Fenster writes:
There’s an extraordinary amount of talk going around about the alt-right. But who are those guys?

Language is a tool for unclarity even in the best of circumstances and things get even dicier when the phenomenon to be considered (in this case, the alt-right) is fluid and uncertain. Things get worse when language users have an agenda, and positively value the unclarity that language can bring. So this will be an exercise in the rectification of names.
Consider a bell curve of political views on the alt-right. No, for this discussion let’s bear down on just one issue that the alt-right is concerned with: race. There are others (immigration for one). But for now let’s consider race.
At the far right edge we find the most extreme views. From what I can tell the numbers here are small, though they grow as you get closer to the middle.
From the edges in we find:
1. White supremacy. That’s the Nazi-like view that not only are whites superior to other races they must also have the power to keep other races down if not out.

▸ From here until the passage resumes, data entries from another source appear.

Definition mean_g (z : 'rV[R]_n) j :=
  K%:R^-1 * \sum_(1 <= k < K.+1) gvec x (rdot z (xi k)) j.

Definition dual_value (z : 'rV[R]_n) : \bar R :=
  ereal_sup [set (dual_obj V_const (mean_g z q.+2) y)%:E
            | y in dual_feasible q.+1 V_coef (Rlin (mean_g z))].

Lemma pro_obj_lp z v :
  pro_obj q.+3 K x xi z v = lp_obj q.+1 (mean_g z q.+2) (Rlin (mean_g z)) v.
Proof.
rewrite /lp_obj /Rlin -dotn_Rmap /pro_obj /dotn exchange_big_nat /= mulr_sumr.
by apply: eq_bigr => j _; rewrite -mulr_sumr mulrCA.
Qed.

Lemma inner_min_dual z :
  ereal_inf [set (pro_obj q.+3 K x xi z v)%:E | v in Vset q.+3 M x r1 r2 r3 p h] =
  dual_value z.
Proof.
have [y0 y0_feas] := dual_feasible_exists (mean_g z).
rewrite /dual_value -(lp_duality V_const _ y0_feas); congr ereal_inf.
rewrite (_ : Vset _ _ _ _ _ _ _ _ = lp_feasible q.+1 V_coef V_const).
  by apply: eq_imagel => v _; rewrite pro_obj_lp.
by apply/funext => v; apply/propext; exact: Vset_lp_feasible.
Qed.

Lemma pro_value_dual : pro_value q.+3 M K x r1 r2 r3 p h Z xi = ereal_sup (dual_value @` Z).
Proof. by congr ereal_sup; apply: eq_imagel => z _; exact: inner_min_dual. Qed.

Hypothesis x_incr : forall i, (1 <= i <= q.+2)%N -> x i < x i.+1.
Hypothesis t_range :
  forall z k, Z z -> (1 <= k <= K)%N -> x 1%N <= rdot z (xi k) <= x q.+3.

Definition encodes_segments (z : 'rV[R]_n) (y w : nat -> nat -> R) :=
  forall k, (1 <= k <= K)%N -> segment_encoding q.+1 x (rdot z (xi k)) (y k) (w k).

Lemma segment_encodings_exist z : Z z -> exists y w, encodes_segments z y w.
Proof.
move=> Zz; have /choice[yw yw_enc] : forall k, exists yw : (nat -> R) * (nat -> R),
    (1 <= k <= K)%N -> segment_encoding q.+1 x (rdot z (xi k)) yw.1 yw.2.
  move=> k; have [k_K|_] := boolP (1 <= k <= K)%N; last by exists (0, 0).
  by have [y [w enc]] := segment_encoding_exists (t_range Zz k_K); exists (y, w).
by exists (fun k => (yw k).1), (fun k => (yw k).2).
Qed.

Lemma svec_mean_g z eta y w : encodes_segments z y w ->
  forall j, (1 <= j <= q.+2)%N ->
  svec q.+3 M K x r1 r2 r3 p h eta y w j = mean_g z j + Delta_comb eta j.
Proof.
move=> enc j j_q; rewrite /svec /mean_g /Delta_comb; congr (_ * _ + _).
by apply: eq_big_nat => k k_K; apply: (segment_encoding_gvec x_incr (enc k k_K) j_q).
Qed.

Lemma milp_feasibleE z lam eta y w :
  milp_feasible q.+3 M K x r1 r2 r3 p h Z xi z lam eta y w <->
  [/\ Z z, encodes_segments z y w
    & dual_feasible q.+1 V_coef (Rlin (mean_g z)) (dual_vars lam eta)].
Proof.
have range l : (1 <= l <= q.+1)%N -> (1 <= l <= q.+2)%N /\ (1 <= q.+2 <= q.+2)%N.
  by case/andP=> l1 /leqW lq; rewrite l1 lq leqnn.
split=> [[s_eq [cons [sums [Zz [lam_ge0 eta_ge0]]]]]|[Zz enc]].
  have enc : encodes_segments z y w.
    by move=> k k_K; split=> [j|]; [exact: cons | exact: sums].
  split=> //; first by rewrite -in_setE.
  apply/dual_feasible_vars; split=> // l l_q.
  have [l_q' q_q] := range l l_q.
  by rewrite -(svec_mean_g _ enc l_q') -(svec_mean_g _ enc q_q); exact: s_eq.
move=> /dual_feasible_vars[coef lam_ge0 eta_ge0]; split=> [l l_q|].
  have [l_q' q_q] := range l l_q.
  by rewrite /= (svec_mean_g _ enc l_q') (svec_mean_g _ enc q_q); exact: coef.
split=> [k j k_K|]; first by case: (enc k k_K) => cons _; exact: cons.
split=> [k k_K|]; first by case: (enc k k_K).
by rewrite in_setE.
Qed.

2. White nationalism. Nationalists do not assert superiority but their view of “race realism” compels them to conclude that the races will never get along well. And since whites ought to have the same rights as other ethnic groups to self-segregate whites should favor a formal political affiliation, one that is separate racially but that is not bound to assert superiority and to promote associated objectionable measures.
3. White identity. As with #2 race realism compels a kind of self-segregation but of a softer sort. A separate political structure is not required. Under this view whites should feel free to voluntarily self-segregate as other groups do without fear of social approbation or the heavy hand of government requiring integration at every turn.
4. “Citizenism”. This is more or less nationalism, without most of the blood in blood and soil. A diverse nation is accepted as a fact but one can be skeptical about more difference always being better. The “historic nation” is respected but less out of white pride than a belief that most of the “proposition” in the term “Proposition Nation” derives from Western European ideas, and we risk losing the powerful thread of those ideas when we celebrate difference as a god thing in itself. Where race is concerned BLM and other movements are disfavored but not because of notions of white superiority. Rather the argument is that identity politics as practiced is ultimately divisive and does not support development of a coherent national sentiment, one that is based on the historically and geographically contingent ideas that inform the “proposition”.
It also needs to be noted that the bell curve continues on to the left, with most on the left closer to the center. Those nearer the center on the left can be thought of as close cousins to non-extremist citizenists–though the center left for the moment is not co-mingling very well with the center right. And as with the right side so with the left: one finds more extreme views (and fewer numbers) the further one progresses in a progressive direction.
Both sides of the center of the bell curve have things in common. And that’s where the people, and the votes, are. But when there’s a war on, each core gives credence and voice to more extreme parts of their own side of the bell curve. They think that is fine to do so with their own extremes but get very upset when they see the other side doing the same thing.
Moderate or liberal Democrats think it is fine to give up their microphone to members of BLM who take over the stage, and are often loath to condemn rioting if it is for a good (i.e., progressive) cause.
The alt-Right has the same tendencies, with the recent National Policy Institute Conference in Washington providing a good example. Richard Spencer, a white nationalist (#2 above), tried for some of the time to dominate the proceedings, appearing to speak on behalf of people like Jared Taylor, a white identitarian (#3) and Peter Brimelow, a citizenist (#4). Those closer to the center did not want to disavow those closer to the edge since the idea of the conference was to look for things in common and to work towards a kind of coalition. But there were no disavowals of white nationalism, just as there are no disavowals of the left fringes by elements closer to the center.
In this way, the edges have more visibility than their actual numbers warrant, and each side gets to score hate points against the other by lumping center and fringe together.
The system cannot help but create a gap where there should be co-mingling: right in the center of things. Each side feels confident that is has “the people” with it and since the extremes on each side are emboldened neither side is interested in re-occupying the middle. But nature abhors a vacuum.
If Trump was brilliant about anything in this election it was letting his business instincts loose in a vortex of political action that can only think politically, and that can’t help but make mistakes along a political dimension. Politicians instinctively think: how can my side gain tactical advantage? Businessmen instinctively think: buy low sell high! Look for the undervalued stock, the arbitrage opportunity, the vacuum that nature abhors but that the shortsighted cannot see.
In this election the vacuum to be filled consisted of all of the constituencies that the parties had stranded for their own political reasons and all of the voices that were choked off and strangled as a result. Trump won with that key business insight. But now we are in a new world, one that Trump helped create by capitalizing on his buy low sell high insight.
Where is the new gap, the new vacuum, the new buy low sell high? It is at the interface of the two center parts of the bell curve, still a no-man’s land but destined for a gold rush some time soon. Whoever fills that space wins the next election.